### Work order
Which lines in the records below include the word "Import"? Report each of them in full.

### Entries supplied
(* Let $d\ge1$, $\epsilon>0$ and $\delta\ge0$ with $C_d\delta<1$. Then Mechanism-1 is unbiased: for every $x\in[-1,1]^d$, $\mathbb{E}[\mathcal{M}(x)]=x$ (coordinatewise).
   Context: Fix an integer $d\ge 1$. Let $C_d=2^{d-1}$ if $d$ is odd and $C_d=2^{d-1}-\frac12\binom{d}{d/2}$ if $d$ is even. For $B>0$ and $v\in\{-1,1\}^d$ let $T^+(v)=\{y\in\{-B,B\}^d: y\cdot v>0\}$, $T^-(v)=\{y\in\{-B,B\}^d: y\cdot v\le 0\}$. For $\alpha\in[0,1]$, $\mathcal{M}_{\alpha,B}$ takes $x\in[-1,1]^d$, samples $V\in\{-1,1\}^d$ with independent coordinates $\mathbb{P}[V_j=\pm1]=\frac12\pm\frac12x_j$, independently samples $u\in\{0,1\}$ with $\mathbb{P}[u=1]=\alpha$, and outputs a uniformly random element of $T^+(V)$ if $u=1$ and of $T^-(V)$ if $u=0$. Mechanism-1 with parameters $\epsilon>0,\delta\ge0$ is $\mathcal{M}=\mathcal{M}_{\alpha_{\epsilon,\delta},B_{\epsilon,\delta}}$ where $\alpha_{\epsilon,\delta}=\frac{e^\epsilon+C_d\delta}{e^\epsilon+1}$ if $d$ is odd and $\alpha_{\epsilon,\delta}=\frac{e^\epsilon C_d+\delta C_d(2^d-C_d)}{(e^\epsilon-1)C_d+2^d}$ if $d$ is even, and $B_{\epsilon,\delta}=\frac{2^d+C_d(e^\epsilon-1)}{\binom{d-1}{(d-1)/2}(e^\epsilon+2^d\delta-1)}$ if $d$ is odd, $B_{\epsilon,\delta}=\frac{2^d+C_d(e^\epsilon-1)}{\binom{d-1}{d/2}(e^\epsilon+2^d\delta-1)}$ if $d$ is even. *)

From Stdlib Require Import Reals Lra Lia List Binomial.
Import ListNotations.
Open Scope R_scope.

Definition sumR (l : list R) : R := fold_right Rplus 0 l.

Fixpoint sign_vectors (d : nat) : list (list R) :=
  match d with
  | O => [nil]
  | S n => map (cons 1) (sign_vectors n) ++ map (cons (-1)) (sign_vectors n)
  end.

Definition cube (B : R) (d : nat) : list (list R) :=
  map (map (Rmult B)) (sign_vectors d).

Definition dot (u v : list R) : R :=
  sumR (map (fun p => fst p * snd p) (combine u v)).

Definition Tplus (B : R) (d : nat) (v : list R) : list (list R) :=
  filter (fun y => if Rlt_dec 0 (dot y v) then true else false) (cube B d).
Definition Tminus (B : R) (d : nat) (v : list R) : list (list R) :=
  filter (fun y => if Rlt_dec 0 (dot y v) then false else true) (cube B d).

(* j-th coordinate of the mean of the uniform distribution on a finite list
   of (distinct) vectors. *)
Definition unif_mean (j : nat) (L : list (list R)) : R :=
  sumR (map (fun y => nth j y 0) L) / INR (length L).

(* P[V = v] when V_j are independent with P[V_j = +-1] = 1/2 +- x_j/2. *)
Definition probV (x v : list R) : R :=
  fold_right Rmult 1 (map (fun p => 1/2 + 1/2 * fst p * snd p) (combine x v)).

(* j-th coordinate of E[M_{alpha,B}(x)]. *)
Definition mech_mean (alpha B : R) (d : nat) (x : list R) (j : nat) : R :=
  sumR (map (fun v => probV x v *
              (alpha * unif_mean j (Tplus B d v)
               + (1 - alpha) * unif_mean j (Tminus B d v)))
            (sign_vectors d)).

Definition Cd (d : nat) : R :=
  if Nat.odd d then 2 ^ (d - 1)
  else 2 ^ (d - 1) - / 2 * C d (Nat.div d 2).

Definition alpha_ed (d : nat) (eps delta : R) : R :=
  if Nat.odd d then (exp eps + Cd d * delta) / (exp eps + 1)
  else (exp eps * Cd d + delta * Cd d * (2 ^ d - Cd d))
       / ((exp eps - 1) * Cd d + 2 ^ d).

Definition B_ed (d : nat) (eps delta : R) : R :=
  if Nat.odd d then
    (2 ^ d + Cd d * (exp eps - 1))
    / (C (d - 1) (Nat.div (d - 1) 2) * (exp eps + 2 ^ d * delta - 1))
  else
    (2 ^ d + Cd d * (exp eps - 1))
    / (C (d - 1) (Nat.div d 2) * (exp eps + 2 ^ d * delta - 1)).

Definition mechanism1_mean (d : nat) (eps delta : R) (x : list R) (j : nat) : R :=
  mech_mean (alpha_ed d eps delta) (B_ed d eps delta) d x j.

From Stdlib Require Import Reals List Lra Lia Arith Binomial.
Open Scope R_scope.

### Exercise result
From Stdlib Require Import Reals Lra Lia List Binomial.
Import ListNotations.
From Stdlib Require Import Reals List Lra Lia Arith Binomial.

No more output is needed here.